3年ほど前のこと。妻がよく一人でペットショップに足を運んでいた。
「今日もあの子、いたよ」と帰るたびに話してくれる。ガラス越しに気になっている子犬がいるらしい。
妻は「別に欲しいわけじゃないけどね」と言っていた。でも私は内心こう思っていた。「次は一緒に見に行って、あの子を買ってあげてもいいな」と。
ずっと売れ残っているくらいだ、またいるだろう。そう思って二人でペットショップへ向かった。
しかし、ケージのあった場所には小さな札が一枚。
「家族が決まりました」
もう売れてしまっていた。妻は「そっか」と気にしていない素振りを見せたが、どう見ても寂しそうだった。
その2ヶ月後、私たちはブリーダーさんのもとを訪ねた。
先に家族が決まったあの子と同じ犬種、イタリアングレーハウンド。茶色い子と黒い子がいた。

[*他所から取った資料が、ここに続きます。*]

(* Let $G=(V,E)$ be a finite simple undirected graph, $n=|V|$, $G_0:=G$, and let $W_1,\dots,W_r$ be distinct subsets of $V$ such that for every $t\in\{1,\dots,r\}$, $W_t$ is a clique of $G_{t-1}$ with $|W_t|\ge2$ and $G_t:=G_{t-1}\mid W_t$. Let $F_0:=STAB(G)$ and $F_t:=\{x\in STAB(G)\mid x_{W_j}=1,\ j=1,\dots,t\}$. Suppose there is $k>0$ such that for all $t\in\{1,\dots,r\}$: (I) $|W_t|=k$ and the subgraph of $G_{t-1}$ induced by $\bigcup_{i=1}^tW_i$ is $k$-partite with vertex classes $V_t^1,\dots,V_t^k$; (II) $T_t:=(V_t,\mathcal W_t)$, with $V_t:=\bigcup_{i=1}^kV_t^i$ and $\mathcal W_t:=\{W_1,\dots,W_t\}$, is a strong hypertree; (III) for every $w\in V_t^0:=V\setminus V_t$ there exists $i\in\{1,\dots,k\}$ with $N_{G_{t-1}}(w)\cap V_t^i=\emptyset$. Then for all $t\in\{1,\dots,r\}$, the inequality $x_{W_t}\le1$ is facet defining for $F_{t-1}$.
   Context: For a graph $G=(V,E)$, $\mathcal S(G)\subseteq\{0,1\}^V$ is the set of characteristic vectors of stable sets of $G$, and $STAB(G)=\mathrm{conv}\,\mathcal S(G)$. For $W\subseteq V$ and $x\in\mathbb R^V$, $x_W=\sum_{v\in W}x_v$. $N_H(u)$ is the neighborhood of $u$ in a graph $H$. The clique projection of a clique $W$ ($|W|\ge2$) of a graph $H=(V,E_H)$ is $H\mid W=(V,E_H\cup\{uv\notin E_H\mid u\ne v,\ W\subseteq N_H(u)\cup N_H(v)\})$. A hypergraph $(V_t,\mathcal W_t)$ with all hyperedges of size $k$ is a strong hypertree if either $\mathcal W_t=\{V_t\}$, or there is a vertex $v\in V_t$ incident to a hyperedge $W_i\in\mathcal W_t$ that shares exactly $k-1$ vertices with some other hyperedge, such that $(V_t\setminus\{v\},\mathcal W_t\setminus\{W_i\})$ is again a strong hypertree. An inequality is facet defining for a polytope $P$ if it is valid for $P$ and the face it defines has dimension $\dim P-1$. *)

From mathcomp Require Import all_boot all_order all_algebra.
Set Implicit Arguments. Unset Strict Implicit. Unset Printing Implicit Defensive.
Import Order.TTheory GRing.Theory Num.Theory.
Local Open Scope ring_scope.

Definition simple_graph (T : finType) (e : rel T) : Prop :=
  (forall u, ~~ e u u) /\ (forall u v, e u v = e v u).

Definition nbhd (T : finType) (e : rel T) (u : T) : {set T} := [set v | e u v].

Definition stable (T : finType) (e : rel T) (A : {set T}) : bool :=
  [forall u in A, forall v in A, ~~ e u v].

Definition clique (T : finType) (e : rel T) (W : {set T}) : bool :=
  [forall u in W, forall v in W, (u != v) ==> e u v].

Definition clique_proj (T : finType) (e : rel T) (W : {set T}) : rel T :=
  fun u v => e u v || ((u != v) && (W \subset nbhd e u :|: nbhd e v)).

(* G_0 = G, G_{t+1} = G_t | W t  (W is 0-indexed: W t is the paper's W_{t+1}) *)
Fixpoint proj_seq (T : finType) (e : rel T) (W : nat -> {set T}) (t : nat) : rel T :=
  match t with
  | 0 => e
  | t'.+1 => clique_proj (proj_seq e W t') (W t')
  end.

Definition conv_fin (R : realFieldType) (T : finType) (I : finType) (P : pred I)
    (p : I -> T -> R) (x : T -> R) : Prop :=
  exists l : I -> R,
    [/\ forall i, 0 <= l i, \sum_(i | P i) l i = 1 &
        forall v, x v = \sum_(i | P i) l i * p i v].

Definition charvec (R : realFieldType) (T : finType) (A : {set T}) : T -> R :=
  fun v => (v \in A)%:R.

Definition STAB (R : realFieldType) (T : finType) (e : rel T) : (T -> R) -> Prop :=
  conv_fin (fun A : {set T} => stable e A) (@charvec R T).

Definition xsum (R : realFieldType) (T : finType) (x : T -> R) (W : {set T}) : R :=
  \sum_(v in W) x v.

Definition aff_indep (R : realFieldType) (T : finType) (m : nat) (p : 'I_m -> T -> R) : Prop :=
  forall c : 'I_m -> R, \sum_i c i = 0 -> (forall v, \sum_i c i * p i v = 0) ->
    forall i, c i = 0.

(* the maximal number of affinely independent points of P is m,
   i.e. the affine dimension of P is m - 1 (m = 0 : P empty, dim -1) *)
Definition max_aff (R : realFieldType) (T : finType) (P : (T -> R) -> Prop) (m : nat) : Prop :=
  (exists p : 'I_m -> T -> R, (forall i, P (p i)) /\ aff_indep p) /\
  (forall p : 'I_m.+1 -> T -> R, (forall i, P (p i)) -> ~ aff_indep p).

Definition facet_defining (R : realFieldType) (T : finType) (P : (T -> R) -> Prop)
    (a : T -> R) (b : R) : Prop :=
  (forall x, P x -> \sum_v a v * x v <= b) /\
  exists m, max_aff P m.+1 /\ max_aff (fun x => P x /\ \sum_v a v * x v = b) m.

Definition k_hypergraph (T : finType) (k : nat) (Vt : {set T}) (Ws : {set {set T}}) : Prop :=
  forall W, W \in Ws -> W \subset Vt /\ #|W| = k.

Inductive strong_hypertree (T : finType) (k : nat) : {set T} -> {set {set T}} -> Prop :=
| sht_base Vt : k_hypergraph k Vt [set Vt] -> strong_hypertree k Vt [set Vt]
| sht_step Vt Ws v Wi :
    k_hypergraph k Vt Ws -> v \in Vt -> Wi \in Ws -> v \in Wi ->
    (exists2 W', (W' \in Ws) && (W' != Wi) & #|Wi :&: W'| = k.-1) ->
    strong_hypertree k (Vt :\ v) (Ws :\ Wi) ->
    strong_hypertree k Vt Ws.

黒い子はとにかくやんちゃだった。タオルは噛むし、走り回るし、落ち着きがない。一方の茶色い子は穏やかで、おとなしく座っている。最後は2匹とも妻の足の上でお饅頭のように丸まって寝てしまった。

帰り道、「どっちにしようか」と話していると、妻はひと言。
「私はもう決めている。黒い子がいい」
迷いのかけらもなかった。
かくして、やんちゃな黒いイタリアングレーハウンドが我が家の新しい家族となった。名前はパシャ。今も変わらず陽気に、我が家を走り回っている。